[Opening SOURCE MATERIAL section]
(* Let $S$ be the class of Schreier split epimorphisms in the category $\mathsf{Mon}$ of monoids. Then $\mathsf{Mon}$ is $S$-fibrewise algebraically cartesian closed (for every split epimorphism $h\colon E\to B$, $h^*\colon SPt_B(\mathsf{Mon})\to SPt_E(\mathsf{Mon})$ has a right adjoint) and $S$-algebraically coherent (for every homomorphism $h\colon E\to B$, $h^*\colon SPt_B(\mathsf{Mon})\to SPt_E(\mathsf{Mon})$ preserves jointly strongly epimorphic pairs).
   Context: Monoids are written additively. A point is a split epimorphism $f\colon A\to B$ with chosen section $s$ ($fs=1_B$); $Pt_B$ is the category of points over $B$; for $h\colon E\to B$, $h^*$ pulls points back along $h$. A split epimorphism $(A,B,f,s)$ of monoids is Schreier if each $a\in A$ can be written uniquely as $a=\alpha+sf(a)$ with $\alpha\in\mathrm{Ker}(f)$. $SPt_B(\mathsf{Mon})$ is the full subcategory of $Pt_B(\mathsf{Mon})$ of Schreier points. A pair of morphisms with common codomain is jointly strongly epimorphic if whenever both factor through a monomorphism $m$, $m$ is an isomorphism. *)

From Stdlib Require Import ProofIrrelevance.

Set Implicit Arguments.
[Closing SOURCE MATERIAL section]
WHAT THE TASK ASKS: Word for word, write out every line of the listing.

TASK OUTPUT:
(* Let $S$ be the class of Schreier split epimorphisms in the category $\mathsf{Mon}$ of monoids. Then $\mathsf{Mon}$ is $S$-fibrewise algebraically cartesian closed (for every split epimorphism $h\colon E\to B$, $h^*\colon SPt_B(\mathsf{Mon})\to SPt_E(\mathsf{Mon})$ has a right adjoint) and $S$-algebraically coherent (for every homomorphism $h\colon E\to B$, $h^*\colon SPt_B(\mathsf{Mon})\to SPt_E(\mathsf{Mon})$ preserves jointly strongly epimorphic pairs).
   Context: Monoids are written additively. A point is a split epimorphism $f\colon A\to B$ with chosen section $s$ ($fs=1_B$); $Pt_B$ is the category of points over $B$; for $h\colon E\to B$, $h^*$ pulls points back along $h$. A split epimorphism $(A,B,f,s)$ of monoids is Schreier if each $a\in A$ can be written uniquely as $a=\alpha+sf(a)$ with $\alpha\in\mathrm{Ker}(f)$. $SPt_B(\mathsf{Mon})$ is the full subcategory of $Pt_B(\mathsf{Mon})$ of Schreier points. A pair of morphisms with common codomain is jointly strongly epimorphic if whenever both factor through a monomorphism $m$, $m$ is an isomorphism. *)

From Stdlib Require Import ProofIrrelevance.

Set Implicit Arguments.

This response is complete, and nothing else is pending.